» **WORK TO COMPLETE**
Report, as a single number, how many lines of the records contain the word "rewrite".
================
Lemma is_derive_inv (f : R -> R) (t df : R) : is_derive t 1 f df -> f t != 0 ->
  is_derive t 1 (fun x => (f x)^-1) (- df / f t ^+ 2).
Proof.
move=> dft ft0; apply: is_derive_eq (is_deriveV ft0 dft) _.
by rewrite -[_ *: _]/(_ * _) mulrC mulrN mulNr.
Qed.

Lemma is_derive_sqrt (f : R -> R) (t df : R) : is_derive t 1 f df -> 0 < f t ->
  is_derive t 1 (fun x => Num.sqrt (f x)) (df / (2 * Num.sqrt (f t))).
Proof.
move=> dft ft0; have := is_derive1_comp (is_derive1_sqrt ft0) dft.
by rewrite mulrC.
Qed.

Lemma is_derive_scale n (f : R -> R) (F : R -> 'rV[R]_n) (t df : R) (dF : 'rV[R]_n) :
  is_derive t 1 f df -> is_derive t 1 F dF ->
  is_derive t 1 (fun x => f x *: F x) (f t *: dF + df *: F t).
Proof.
move=> dft /is_derive_rowP dFt; apply/is_derive_rowP => j.
have -> : (fun x => (f x *: F x) 0 j) = fun x => f x * F x 0 j.
  by apply/funext => x; rewrite mxE.
by rewrite !mxE [df * _]mulrC; apply: is_derive_mul.
Qed.

Lemma is_derive_dot (F G : R -> 'rV[R]_3) (t : R) (dF dG : 'rV[R]_3) :
  is_derive t 1 F dF -> is_derive t 1 G dG ->
  is_derive t 1 (fun x => dot (F x) (G x)) (dot (F t) dG + dot dF (G t)).
Proof.
move=> /is_derive_rowP dFt /is_derive_rowP dGt.
rewrite /dot -big_split /=.
have -> : (fun x => \sum_(i < 3) F x 0 i * G x 0 i) = \sum_(i < 3) (fun x => F x 0 i * G x 0 i).
  by apply/funext => x; rewrite fct_sumE.
apply: is_derive_sum => i.
by rewrite [dF 0 i * _]mulrC; apply: is_derive_mul.
Qed.

Lemma is_derive_dotl (y : 'rV[R]_3) (F : R -> 'rV[R]_3) (t : R) (dF : 'rV[R]_3) :
  is_derive t 1 F dF -> is_derive t 1 (fun x => dot y (F x)) (dot y dF).
Proof.
move=> dFt; apply: is_derive_eq (is_derive_dot (is_derive_cst y t 1) dFt) _.
by rewrite dot0l addr0.
Qed.

Section Reparametrization.
Variables (tau k : R -> R).
Hypothesis tau_k : forall t : R, is_derive t 1 tau (k t).
Hypothesis k_gt0 : forall t, 0 < k t.

Lemma gtr0_is_derive_lt : {homo tau : x y / x < y}.
Proof.
move=> x y xy; apply: (@gtr0_derive1_lt_cc _ tau x y) => //.
- by move=> z _; rewrite derive1E; have [_ ->] := tau_k z.
- apply: continuous_subspaceT => z.
  by apply/differentiable_continuous/derivable1_diffP; case: (tau_k z).
- by rewrite in_itv /= lexx ltW.
- by rewrite in_itv /= lexx ltW.
Qed.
================
» **SOLUTION**
11